Realignment and Legitimacy
“Why Geography Makes It Difficult for Democrats to Get Along” [Election Law Blog]. “[A] Democrat with a relatively progressive platform might be able to facilitate high turnout and win the statewide popular vote. But an identical platform would be too far left for the pivotal districts that determine the make-up of the state’s congressional delegation or state legislature…. Democrats have been relatively concentrated in urban districts since the New Deal, and for decades, their geography made it necessary for them to field congressional candidates who could win on “Republican” turf in the suburbs and countryside. The Democrats achieved this not by nudging their platform to the left or right, but by avoiding a coherent platform altogether.” • Good piece, and I understand this argument; it’s conventional wisdom. However, I think the political class’s notion of “left” and “right,” at least with respect to policy, is greatly at odds with what actual voters are thinking and feeling. The discrepancy between what America is, and what we have been taught that it should be, is so great as to lead to a baseline sense of desperation in the 90% (although not, of course, in the 10%, whose salaries steadily increased since the crash, while those of the 90% remained flat or decreased). And I don’t think this is solely a white thing; think of the level of betrayal felt by the citizens of Flint, for example. That’s why a program of campaign finance reform, health care, and broadband would have appeal in rural areas across the board. How can the greatest nation on earth have broadband that sucks? And here is a second example:
“Majority of Republicans supports ‘Medicare for all,’ poll finds” [The Hill]. “The survey, conducted by Hill.TV and the HarrisX polling company, found that 52 percent of Republicans polled said they supported the option, while 48 percent said they opposed it. Twenty-five percent said they ‘strongly’ supported ‘Medicare for all,’ while 27 percent said they ‘somewhat’ supported it.” • So, only a minority of Republican voters support the pissant Heritage Foundation Rube Goldberg device — the Republican plan, road-tested by Mitt Romney — that Obama foisted upon us 2018 – 2010 = 8 years ago. Why? Because it sucks. That’s why. Now, I grant this survey isn’t granular to the district level. So attack those districts! What an opportunity! And if the Democrats aren’t careful, the next Trump, a Trump with the rough edges sanded off, is going to seize that issue and run with it, and lock in Republican power for another generation (as soon as they can figure out how to package Medicare for All as supporting the free market. Don’t laugh).
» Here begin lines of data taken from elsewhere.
(* Let $\mathrm{Pr}>0$, $\mathrm{Sc}>0$ with $\mathrm{Pr}\neq 1$, $\mathrm{Sc}\neq 1$, and let $\mathrm{Gr},\mathrm{Gc}\in\mathbb{R}$ and $\alpha\in\mathbb{R}$ be constants. Put $$a=-\frac{\mathrm{Gr}\cos\alpha}{\mathrm{Pr}-1},\qquad b=-\frac{\mathrm{Gc}\cos\alpha}{\mathrm{Sc}-1},\qquad \eta=\frac{Y}{2\sqrt{t}}\quad (Y\ge 0,\ t>0).$$ Consider the initial–boundary value problem for functions $V(Y,t),T(Y,t),\varphi(Y,t)$ on $Y\ge 0$: $$\frac{\partial V}{\partial t}=\mathrm{Gr}\,T\cos\alpha+\mathrm{Gc}\,\varphi\cos\alpha+\frac{\partial^2 V}{\partial Y^2},\qquad \mathrm{Pr}\frac{\partial T}{\partial t}=\frac{\partial^2 T}{\partial Y^2},\qquad \mathrm{Sc}\frac{\partial \varphi}{\partial t}=\frac{\partial^2 \varphi}{\partial Y^2},$$ with $V=T=\varphi=0$ for all $Y$ at $t\le 0$; $V=t^2$, $T=1$, $\varphi=1$ at $Y=0$ for $t>0$; and $V\to 0$, $T\to0$, $\varphi\to 0$ as $Y\to\infty$. Then the solution (obtained by the Laplace transform method) is given for $t>0$ by $$T=\operatorname{erfc}(\eta\sqrt{\mathrm{Pr}}),\qquad \varphi=\operatorname{erfc}(\eta\sqrt{\mathrm{Sc}}),$$ $$\begin{aligned}V={}&\frac{t^2}{3}\Big[(3+12\eta^2+4\eta^4)\operatorname{erfc}(\eta)-\frac{\eta}{\sqrt{\pi}}(10+4\eta^2)e^{-\eta^2}\Big]-(a+b)\,t\Big[(1+2\eta^2)\operatorname{erfc}(\eta)-\frac{2\eta}{\sqrt{\pi}}e^{-\eta^2}\Big]\\&+a\,t\Big[(1+2\eta^2\mathrm{Pr})\operatorname{erfc}(\eta\sqrt{\mathrm{Pr}})-\frac{2\eta\sqrt{\mathrm{Pr}}}{\sqrt{\pi}}e^{-\eta^2\mathrm{Pr}}\Big]+b\,t\Big[(1+2\eta^2\mathrm{Sc})\operatorname{erfc}(\eta\sqrt{\mathrm{Sc}})-\frac{2\eta\sqrt{\mathrm{Sc}}}{\sqrt{\pi}}e^{-\eta^2\mathrm{Sc}}\Big].\end{aligned}$$
   Context: This is the nondimensional model of unsteady free-convection flow past a vertical plate inclined at angle $\alpha$, started with velocity proportional to $t^2$, with plate temperature and concentration suddenly raised: $V$ is the velocity, $T$ the temperature, $\varphi$ the concentration, $\mathrm{Gr}$ and $\mathrm{Gc}$ the thermal and mass Grashof numbers, $\mathrm{Pr}$ the Prandtl number and $\mathrm{Sc}$ the Schmidt number. $\operatorname{erfc}$ denotes the complementary error function $\operatorname{erfc}(x)=\frac{2}{\sqrt\pi}\int_x^\infty e^{-s^2}\,ds$. *)

From Stdlib Require Import Reals.
From Coquelicot Require Import Coquelicot.
Open Scope R_scope.

Definition erfc (x : R) : R :=
  2 / sqrt PI * RInt_gen (fun s => exp (- s ^ 2)) (at_point x) (Rbar_locally p_infty).

Definition eta (Y t : R) : R := Y / (2 * sqrt t).

Definition acoef (Gr Pr alpha : R) : R := - (Gr * cos alpha) / (Pr - 1).
Definition bcoef (Gc Sc alpha : R) : R := - (Gc * cos alpha) / (Sc - 1).

Definition Tsol (Pr : R) (Y t : R) : R :=
  if Rle_dec t 0 then 0 else erfc (eta Y t * sqrt Pr).

Definition Phisol (Sc : R) (Y t : R) : R :=
  if Rle_dec t 0 then 0 else erfc (eta Y t * sqrt Sc).

Definition Vsol (Pr Sc Gr Gc alpha : R) (Y t : R) : R :=
  if Rle_dec t 0 then 0 else
  let e := eta Y t in
  let a := acoef Gr Pr alpha in
  let b := bcoef Gc Sc alpha in
    t ^ 2 / 3 * ((3 + 12 * e ^ 2 + 4 * e ^ 4) * erfc e
                 - e / sqrt PI * (10 + 4 * e ^ 2) * exp (- e ^ 2))
  - (a + b) * t * ((1 + 2 * e ^ 2) * erfc e - 2 * e / sqrt PI * exp (- e ^ 2))
  + a * t * ((1 + 2 * e ^ 2 * Pr) * erfc (e * sqrt Pr)
             - 2 * e * sqrt Pr / sqrt PI * exp (- e ^ 2 * Pr))
  + b * t * ((1 + 2 * e ^ 2 * Sc) * erfc (e * sqrt Sc)
             - 2 * e * sqrt Sc / sqrt PI * exp (- e ^ 2 * Sc)).

(* The Gaussian integral gives erfc 0 = 1: with G(x) = int_0^x e^(-s^2) ds and
   H(x) = int_0^1 e^(-x^2 (1+u^2)) / (1+u^2) du one has (G^2 + H)' = 0, so G^2 + H = H(0) = pi/4,
   while 0 <= H(x) <= e^(-x^2) -> 0.  The tail bound erfc x <= e^(-x^2) / sqrt pi for x >= 1
   then makes x^k erfc x -> 0.

   Every term of T, phi and V has the form t^n f(c Y / (2 sqrt t)), which solves
   c^2 u_t = u_YY as soon as f'' + 2 x f' = 4 n f; erfc, 4 i^2erfc and 32 i^4erfc solve this
   ODE for n = 0, 1, 2.  In V the terms a t f(eta sqrt Pr) and b t f(eta sqrt Sc) diffuse at
   the wrong rate, and their defect
     a (1 - Pr) d/dt [t f(eta sqrt Pr)] = Gr cos alpha erfc(eta sqrt Pr)
   (and likewise for b) is exactly the buoyancy source.  The initial and far-field conditions
   follow from f -> 0 at +oo. *)

From Stdlib Require Import Reals Lra Lia.
From Coquelicot Require Import Coquelicot.
Open Scope R_scope.

(** * The Gaussian integral *)

Definition gauss (s : R) : R := exp (- s ^ 2).

Lemma gauss_pos x : 0 < gauss x.
Proof. apply exp_pos. Qed.

Lemma is_derive_gauss x : is_derive gauss x (-2 * x * gauss x).
Proof. unfold gauss. auto_derive; [easy | ring_simplify; reflexivity]. Qed.

Lemma ex_derive_gauss x : ex_derive gauss x.
Proof. eexists; apply is_derive_gauss. Qed.

Lemma Derive_gauss x : Derive gauss x = -2 * x * gauss x.
Proof. apply is_derive_unique, is_derive_gauss. Qed.

Lemma continuous_gauss x : continuous gauss x.
Proof.
  apply (ex_derive_continuous (K := R_AbsRing) (V := R_NormedModule)), ex_derive_gauss.
Qed.

Lemma ex_RInt_gauss a b : ex_RInt gauss a b.
Proof.
  apply (ex_RInt_continuous (V := R_CompleteNormedModule)); intros; apply continuous_gauss.
Qed.

Definition gauss_int (x : R) : R := RInt gauss 0 x.

Lemma gauss_int_0 : gauss_int 0 = 0.
Proof. unfold gauss_int. rewrite RInt_point. reflexivity. Qed.

Lemma is_derive_gauss_int x : is_derive gauss_int x (gauss x).
Proof.
  apply (is_derive_RInt gauss gauss_int 0); [|apply continuous_gauss].
  apply filter_forall; intros; apply (RInt_correct (V := R_CompleteNormedModule)), ex_RInt_gauss.
Qed.

Lemma gauss_int_sub x y : gauss_int y - gauss_int x = RInt gauss x y.
Proof.
  unfold gauss_int.
  rewrite <- (RInt_Chasles (V := R_CompleteNormedModule) gauss 0 x y) by apply ex_RInt_gauss.
  unfold plus; simpl; ring.
Qed.

Lemma gauss_int_increasing x y : x <= y -> gauss_int x <= gauss_int y.
Proof.
  intros Hxy. enough (0 <= RInt gauss x y) by (rewrite <- gauss_int_sub in H; lra).
  apply RInt_ge_0; [exact Hxy | apply ex_RInt_gauss | intros; left; apply gauss_pos].
Qed.

Lemma one_add_sqr_pos u : 0 < 1 + u ^ 2.
Proof. nra. Qed.
Lemma is_int0inf_ratio_integrand g : 0 <= g ->
  is_int0inf (ratio_integrand g) (int0inf (ratio_integrand g)).
Proof.
  intros Hg.
  assert (Hq : forall t, 0 <= t -> 0 <= 4 * g * t) by (intros; apply Rmult_le_pos; lra).
  destruct (ex_int0inf_le (ratio_integrand g) (fun y => / 4 * (y ^ 2 * exp (- y) * J1 (4 * g * y)))
              (/ 4 * ((g + 2) * exp g / 4))) as [M HM].
  - (* [J1 ^ 2 / J <= J1 / 4] since [4 J1 <= J] *)
    intros t Ht. unfold ratio_integrand.
    assert (HJ := J_ge_1 _ (Hq t Ht)). assert (H1 := J1_nonneg _ (Hq t Ht)).
    assert (H2 := J1_le_J _ (Hq t Ht)).
    assert (0 <= t ^ 2 * exp (- t))
      by (apply Rmult_le_pos; [apply pow_le | apply Rlt_le, exp_pos]; lra).
    assert (K : J1 (4 * g * t) ^ 2 / J (4 * g * t) <= / 4 * J1 (4 * g * t)).
    { apply Rmult_le_reg_r with (J (4 * g * t)); [lra |].
      unfold Rdiv. rewrite Rmult_assoc, Rinv_l by lra. simpl pow. nra. }
    split.
    + apply Rmult_le_pos; [lra |]. apply Rdiv_le_0_compat; [apply pow_le |]; lra.
    + replace (/ 4 * (t ^ 2 * exp (- t) * J1 (4 * g * t)))
        with (t ^ 2 * exp (- t) * (/ 4 * J1 (4 * g * t))) by ring.
      apply Rmult_le_compat_l; assumption.
  - intros b Hb. apply (ex_RInt_continuous (V := R_CompleteNormedModule)). intros z Hz.
    rewrite Rmin_left, Rmax_right in Hz by lra.
    apply (@ex_derive_continuous R_AbsRing R_NormedModule). unfold ratio_integrand.
    assert (HJ := J_pos _ (Hq z ltac:(lra))).
    auto_derive. repeat split.
    + exists (J2 (4 * g * z)). apply J1_derive.
    + exists (J1 (4 * g * z)). apply J_derive.
    + lra.
  - apply is_int0inf_scal, is_int0inf_pow2_exp_J1, Hg.
  - rewrite (is_int0inf_unique _ _ HM). exact HM.
Qed.
(* Let $N$ and $M$ be sub-sound WF nets with disjoint node sets and let $n$ be a node of $N$ such that either $n$ is a place and $M$ is a pWF net, or $n$ is a transition and $M$ is a tWF net. Then $N\otimes_n M$ is a sub-sound WF net.
   Context: Petri nets and markings. A Petri net is a triple $(P,T,F)$ with $P$ a finite set of places, $T$ a finite set of transitions, $P\cap T=\emptyset$, and $F\subseteq (P\times T)\cup(T\times P)$. For a node $x$, $\bullet x=\{y\mid (y,x)\in F\}$, $x\bullet=\{y\mid (x,y)\in F\}$. A marking is a multiset over $P$ (a function $P\to\mathbb N$); sets of places are identified with bags of multiplicity one, $+,-,\le$ are pointwise, and $k.m$ is the sum of $k$ copies of $m$. Transition $t$ is enabled at $m$ iff $\bullet t\le m$, firing gives $m-\bullet t+t\bullet$, and $m\xrightarrow{*}m'$ denotes reachability by a finite (possibly empty) firing sequence. Workflow nets. A pWF net is $(P,T,F,I,O)$ with $(P,T,F)$ a Petri net, $I,O\subseteq P$ non-empty, every node reachable by a directed path from some node of $I$, and some node of $O$ reachable from every node. A tWF net is the same with $I,O$ non-empty subsets of $T$. Input nodes may have incoming edges and output nodes outgoing edges. A WF net is a pWF or tWF net. The place-completion $\mathrm{pc}(N)$ of a tWF net $N=(P,T,F,I,O)$ is obtained by adding two fresh places $p_i,p_o$ with edges $(p_i,t)$ for all $t\in I$ and $(t,p_o)$ for all $t\in O$, and taking input set $\{p_i\}$ and output set $\{p_o\}$. Sub-soundness. A pWF net is sub-sound if for all integers $k\ge k'\ge 0$ and every marking $m'$: if $k.I\xrightarrow{*}m'+k'.O$ then $m'\xrightarrow{*}(k-k').O$. A tWF net is sub-sound iff its place-completion is. Substitution. Let $N=(P,T,F,I,O)$ and $M=(P',T',F',I',O')$ be WF nets with disjoint node sets. If $p\in P$ and $M$ is a pWF net, $N\otimes_p M$ is obtained from $N$ by deleting $p$ and all edges incident to $p$, adding all nodes and edges of $M$, adding an edge $(t,p')$ for each $t\in\bullet_N p$ and each $p'\in I'$, and an edge $(p',t)$ for each $p'\in O'$ and each $t\in p\bullet_N$; its input set is $(I\setminus\{p\})\cup I'$ if $p\in I$ and $I$ otherwise, and its output set is $(O\setminus\{p\})\cup O'$ if $p\in O$ and $O$ otherwise. If $t\in T$ and $M$ is a tWF net, $N\otimes_t M$ is defined analogously: delete $t$ and its edges, add $M$, add $(q,t')$ for each $q\in\bullet_N t$, $t'\in I'$, and $(t',q)$ for each $t'\in O'$, $q\in t\bullet_N$, with input/output sets updated in the same way. *)

From HB Require Import structures.
From mathcomp Require Import all_boot.
Set Implicit Arguments.
Unset Strict Implicit.
Unset Printing Implicit Defensive.
(* Let $d\ge2$, $r\ge1$, $l_1,\dots,l_r\in\{1,\dots,d\}$ with $\sum_{j=1}^r l_j\le d$, and $l=d-\sum_{j=1}^r(l_j-1)$. Let $A\in\mathbf S(d;l_1,\dots,l_r)$ have a spectral decomposition $A=PDP^*$ with $P\in\mathbf O(d)$ and $D$ a real diagonal $d\times d$ matrix, and suppose $A$ has exactly $l$ distinct eigenvalues. Then for every $\varepsilon>0$ there is $\delta>0$ such that for every $B\in\mathbf S(d;l_1,\dots,l_r)$ with $\max_{1\le i,j\le d}|A_{i,j}-B_{i,j}|<\delta$, the matrix $B$ has exactly $l$ distinct eigenvalues and admits a spectral decomposition $B=QFQ^*$ with $Q\in\mathbf O(d)$, $F$ real diagonal, such that $\max_{1\le i\le d}|D_{i,i}-F_{i,i}|<\varepsilon$ and $\max_{1\le i,j\le d}|Q_{i,j}-P_{i,j}|<\varepsilon$.
   Context: $\mathbf O(d)$ is the group of real orthogonal $d\times d$ matrices. For a real symmetric $d\times d$ matrix $x$ let $E_1(x)\le\cdots\le E_d(x)$ be its eigenvalues. $\mathbf S(d;l_1,\dots,l_r)$ is the set of real symmetric $d\times d$ matrices $x$ for which there exist pairwise disjoint $J_1,\dots,J_r\subseteq\{1,\dots,d\}$ with $|J_j|=l_j$ such that, for each $j$, the values $E_i(x)$, $i\in J_j$, are all equal. *)

From HB Require Import structures.
From mathcomp Require Import all_boot all_order all_algebra.
From mathcomp Require Import reals.
Set Implicit Arguments. Unset Strict Implicit. Unset Printing Implicit Defensive.
Import Order.TTheory GRing.Theory Num.Theory.
Local Open Scope ring_scope.

Definition sym_mx (R : realType) (d : nat) (x : 'M[R]_d) : Prop := x^T = x.

Definition orthogonal_mx (R : realType) (d : nat) (P : 'M[R]_d) : Prop :=
  P *m P^T = 1%:M.

(* s = [:: E_1(x); ...; E_d(x)] : the eigenvalues of x listed with algebraic
   multiplicity in nondecreasing order (i.e. the roots of the characteristic
   polynomial, which splits over R for symmetric x). *)
Definition ordered_eigs (R : realType) (d : nat) (x : 'M[R]_d) (s : seq R) : Prop :=
  sorted <=%R s /\ char_poly x = \prod_(a <- s) ('X - a%:P).

(* x \in S(d; l_1, ..., l_r); index i : 'I_d stands for i+1 in {1..d} *)
Definition in_S (R : realType) (d r : nat) (lv : 'I_r -> nat) (x : 'M[R]_d) : Prop :=
  sym_mx x /\
  exists s : seq R, ordered_eigs x s /\
  exists J : 'I_r -> {set 'I_d},
    (forall j, #|J j| = lv j) /\
    (forall j k, j != k -> [disjoint J j & J k]) /\
    (forall j (i1 i2 : 'I_d), i1 \in J j -> i2 \in J j -> nth 0 s i1 = nth 0 s i2).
Richmond Fed Manufacturing Index, October 2018: “Manufacturing activity in the Fifth District expanded at a slower than expected pace in October” [Econoday]. “Leading the slowdown to a level well below the consensus forecast was a sharp decline in shipments…, and a sizable decrease in new orders…. But the employment component continued to show strength, with the number of employees rising.” And: “The important Richmond Fed subcategories declined – but all remain in expansion. This was the weakest report since April 2018” [Econintersect].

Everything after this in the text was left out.